That being said, I suppose her texting addiction is like any other addiction: she'll get into trouble deep enough that she'll hit bottom and realize it's ruining her life. When she becomes a nurse, she's going to be responsible for people's lives and their care. She can't be sitting at the nurses' station oblivious to the guy down the hall hitting the button by his bed because he needs help getting up to use the bathroom! She simply won't be able to keep it up while working. 

In the meantime, I can see where this is hurting you. I really feel for ya. I understand the difficulty of trying to live on a shoestring. Lots of people out of work, underemployed, or actually getting a halfway decent salary but working themselves to death due to cutbacks and layoffs in their company.

She has a husband and a child who need her attention. Both of you should be her primary concern. Rather than idle threats, sit down and have a heart-to-heart with her. Do you feel there are areas where you can improve your communication techniques? No, you don't have to be her girlfriend or mom and share in gossip, but do the two of you have any common ground to discuss - interests, hobbies, whatever?

I'm sorry I don't have a better answer to give you. Was she into texting all the time when you first met her or did she actually engage in f-2-f conversations with you and others? Voice your concerns calmly and logically.

We all have a need for connection with our friends and families, but I think it's time for you to tell her she needs to cut the cord from mommy and start playing the grown-up role of wife and mother.
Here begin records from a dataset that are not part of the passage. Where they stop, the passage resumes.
Record frame := Frame {
  fcar :> Type;
  fle : fcar -> fcar -> Prop;
  fsup : (fcar -> Prop) -> fcar;
  fmeet : fcar -> fcar -> fcar;
  fle_refl : forall x, fle x x;
  fle_trans : forall x y z, fle x y -> fle y z -> fle x z;
  fle_antisym : forall x y, fle x y -> fle y x -> x = y;
  fsup_ub : forall (S : fcar -> Prop) x, S x -> fle x (fsup S);
  fsup_least : forall (S : fcar -> Prop) y, (forall x, S x -> fle x y) -> fle (fsup S) y;
  fmeet_glb : forall x y z, fle z (fmeet x y) <-> (fle z x /\ fle z y);
  fdistr : forall a (S : fcar -> Prop),
      fmeet a (fsup S) = fsup (img (fmeet a) S)
}.

Arguments fle {f}.
Arguments fsup {f}.
Arguments fmeet {f}.

Definition ftop {F : frame} : F := fsup (fun _ => True).

Definition frame_hom (F1 F2 : frame) (f : F1 -> F2) : Prop :=
  (forall S : F1 -> Prop, f (fsup S) = fsup (img f S)) /\
  (forall x y, f (fmeet x y) = fmeet (f x) (f y)) /\
  f ftop = ftop.

(* A frame homomorphism out of a subframe [P] of [F1] (P closed under
   joins, finite meets and top in F1), represented by its values on P. *)
Definition frame_hom_on (F1 : frame) (P : F1 -> Prop) (F2 : frame)
    (f : F1 -> F2) : Prop :=
  (forall S : F1 -> Prop, (forall x, S x -> P x) -> f (fsup S) = fsup (img f S)) /\
  (forall x y, P x -> P y -> f (fmeet x y) = fmeet (f x) (f y)) /\
  f ftop = ftop.

Definition join_preserving (F1 F2 : frame) (f : F1 -> F2) : Prop :=
  forall S : F1 -> Prop, f (fsup S) = fsup (img f S).

Section GroupoidQuantale.

Variables (A Q : frame)
          (actL : A -> Q -> Q)      (* a |> x *)
          (actR : Q -> A -> Q)      (* x <| a *)
          (mul : Q -> Q -> Q)
          (inv : Q -> Q).

Definition is_bimodule : Prop :=
  (forall (S : A -> Prop) m, actL (fsup S) m = fsup (img (fun a => actL a m) S)) /\
  (forall a (S : Q -> Prop), actL a (fsup S) = fsup (img (actL a) S)) /\
  (forall (S : Q -> Prop) a, actR (fsup S) a = fsup (img (fun m => actR m a) S)) /\
  (forall m (S : A -> Prop), actR m (fsup S) = fsup (img (actR m) S)) /\
  (forall m, actL ftop m = m) /\
  (forall a b m, actL (fmeet a b) m = actL a (actL b m)) /\
  (forall m, actR m ftop = m) /\
  (forall a b m, actR m (fmeet a b) = actR (actR m a) b) /\
  (forall a b m, actR (actL a m) b = actL a (actR m b)).

Definition is_AA_quantale : Prop :=
  is_bimodule /\
  (forall x y z, mul (mul x y) z = mul x (mul y z)) /\
  (forall (S : Q -> Prop) y, mul (fsup S) y = fsup (img (fun x => mul x y) S)) /\
  (forall x (S : Q -> Prop), mul x (fsup S) = fsup (img (mul x) S)) /\
  (forall a x y, mul (actL a x) y = actL a (mul x y)) /\
  (forall a x y, mul (actR x a) y = mul x (actL a y)) /\
  (forall a x y, actR (mul x y) a = mul x (actR y a)).

Definition is_involutive_AA_quantale : Prop :=
  is_AA_quantale /\
  join_preserving inv /\
  (forall x, inv (inv x) = x) /\
  (forall x y, inv (mul x y) = mul (inv y) (inv x)) /\
  (forall a b x, inv (actL a (actR x b)) = actL b (actR (inv x) a)).

Definition is_based_quantal_frame : Prop :=
  is_involutive_AA_quantale /\
  (forall a x y, fmeet (actL a x) y = actL a (fmeet x y)) /\
  (forall a x y, fmeet (actR x a) y = actR (fmeet x y) a).

Definition is_support (s : Q -> A) : Prop :=
  join_preserving s /\
  s ftop = ftop /\
  (forall x y, fle (actL (s x) y) (mul (mul x (inv x)) y)) /\
  (forall x, actL (s x) x = x).

Definition is_equivariant_support (s : Q -> A) : Prop :=
  is_support s /\ (forall a x, s (actL a x) = fmeet a (s x)).

Definition is_eq_supported_quantal_frame : Prop :=
  is_based_quantal_frame /\ exists s : Q -> A, is_equivariant_support s.

Definition is_reflexivity (u : Q -> A) : Prop :=
  frame_hom u /\ (forall a, u (actL a ftop) = a) /\ (forall a, u (actR ftop a) = a).

(* The tensor product Q (x)_A Q of sup-lattices, presented concretely:
   an element is a set D of pairs (x,y) (standing for the join of the
   x (x) y with (x,y) in D) which is down-closed and closed under joins in
   each variable separately (so x (x) y <= D iff D x y), and which respects
   the defining relations (x <| a) (x) y = x (x) (a |> y). *)
Definition is_tensorA (D : Q -> Q -> Prop) : Prop :=
  (forall x x' y, D x y -> fle x' x -> D x' y) /\
  (forall x y y', D x y -> fle y' y -> D x y') /\
  (forall (S : Q -> Prop) y, (forall x, S x -> D x y) -> D (fsup S) y) /\
  (forall x (S : Q -> Prop), (forall y, S y -> D x y) -> D x (fsup S)) /\
  (forall x a y, D (actR x a) y <-> D x (actL a y)).

Definition tensorA_sup (Fam : (Q -> Q -> Prop) -> Prop) : Q -> Q -> Prop :=
  fun x y => forall D, is_tensorA D ->
    (forall D', Fam D' -> forall x' y', D' x' y' -> D x' y') -> D x y.

Definition mu_A (D : Q -> Q -> Prop) : Q :=
  fsup (fun z => exists x y, D x y /\ z = mul x y).

Definition mu_A_radj (z : Q) : Q -> Q -> Prop :=
  tensorA_sup (fun D => is_tensorA D /\ fle (mu_A D) z).

Definition is_multiplicative : Prop :=
  forall (Z : Q -> Prop) x y,
    mu_A_radj (fsup Z) x y <->
    tensorA_sup (fun D => exists z, Z z /\ D = mu_A_radj z) x y.

Definition unit_laws (u : Q -> A) : Prop :=
  forall a : Q,
    fsup (fun z => exists x y, fle (mul x y) a /\ z = actL (u x) y) = a.

Definition inverse_law (u : Q -> A) : Prop :=
  forall a : Q,
    actL (u a) ftop = fsup (fun z => exists x y, fle (mul x (inv y)) a /\ z = fmeet x y).

Definition is_groupoid_quantale : Prop :=
  is_eq_supported_quantal_frame /\
  is_multiplicative /\
  exists u : Q -> A, is_reflexivity u /\ unit_laws u /\ inverse_law u.

Definition RQ (x : Q) : Prop := fle (mul x ftop) x.
Definition LQ (x : Q) : Prop := exists y, RQ y /\ x = inv y.
Definition TQ (x : Q) : Prop := RQ x /\ LQ x.

(* Q is the pushout in Frm of the subframe inclusions T(Q) -> R(Q),
   T(Q) -> L(Q), with cocone the inclusions R(Q) -> Q, L(Q) -> Q. *)
Definition is_pushout_RTL : Prop :=
  forall (F : frame) (f g : Q -> F),
    frame_hom_on RQ f -> frame_hom_on LQ g ->
    (forall t, TQ t -> f t = g t) ->
    exists h : Q -> F,
      (frame_hom h /\ (forall x, RQ x -> h x = f x) /\ (forall x, LQ x -> h x = g x)) /\
      (forall h' : Q -> F,
         frame_hom h' -> (forall x, RQ x -> h' x = f x) -> (forall x, LQ x -> h' x = g x) ->
         forall x, h' x = h x).

Definition is_principal_quantale : Prop :=
  is_eq_supported_quantal_frame /\ is_pushout_RTL.

(* d_star(a) = a |> 1_Q ; r = d o i, so r_star = i_star o d_star. *)
Definition G_dstar (a : A) : Q := actL a ftop.
Definition G_rstar (a : A) : Q := inv (G_dstar a).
Both roles require more of her time and energy than the texting.


----------



## akasephiroth

update: before the wife came home yesterday we talked (though text agian). I told her how i felt about it, and told her that i have posted here and some of the stuff i was told. I think this made her relize how excessive she was being...when she got home yesterday she walked in the door handed me the phone told me to turn it off put it up and the day was mine...best day in a long time. Cooked out played some games and no one interupted with a phone call or a text felt great hope for more like it.


----------



## andy32m

My wife and I had joint phone account. I always paid the bill. The bill would have the break down of texts in one month and also how many were picture text messages. My wife was averaging about 2000 texts per month. Then one month it was 6000 texts and over 120 picture texts. The same month she had "found" an ex-boyfriend on facebook. So I questioned her about it and she said there was nothing to worry about. Well she started becoming very protective of her phone. She slept with it under her pillow and would never leave it laying around. So one day i logged onto the phone account and checked the text number at 9am and compared it at 5pm. She had sent and received over 800 texts while she was at work. I was furious and demanded to see her phone when she got home. There wasn't a record of a single text habing been sent. She had been deleting everythin except for texts with me and a few from her mom and sister. I told her i checked the account that day and what i found. She got all defensive. The next month she was at about 700 texts for the whole month so i figured she realized she was doing something wrong and stopped her behavior... But i was wrong. She just downloaded KIK messenger and also yahoo instant messenger so she could keep communicating with this ex-boyfriend without it counting as texts on the phone bill...

Long story short- were currently getting a divorce.
_Posted via Mobile Device_


----------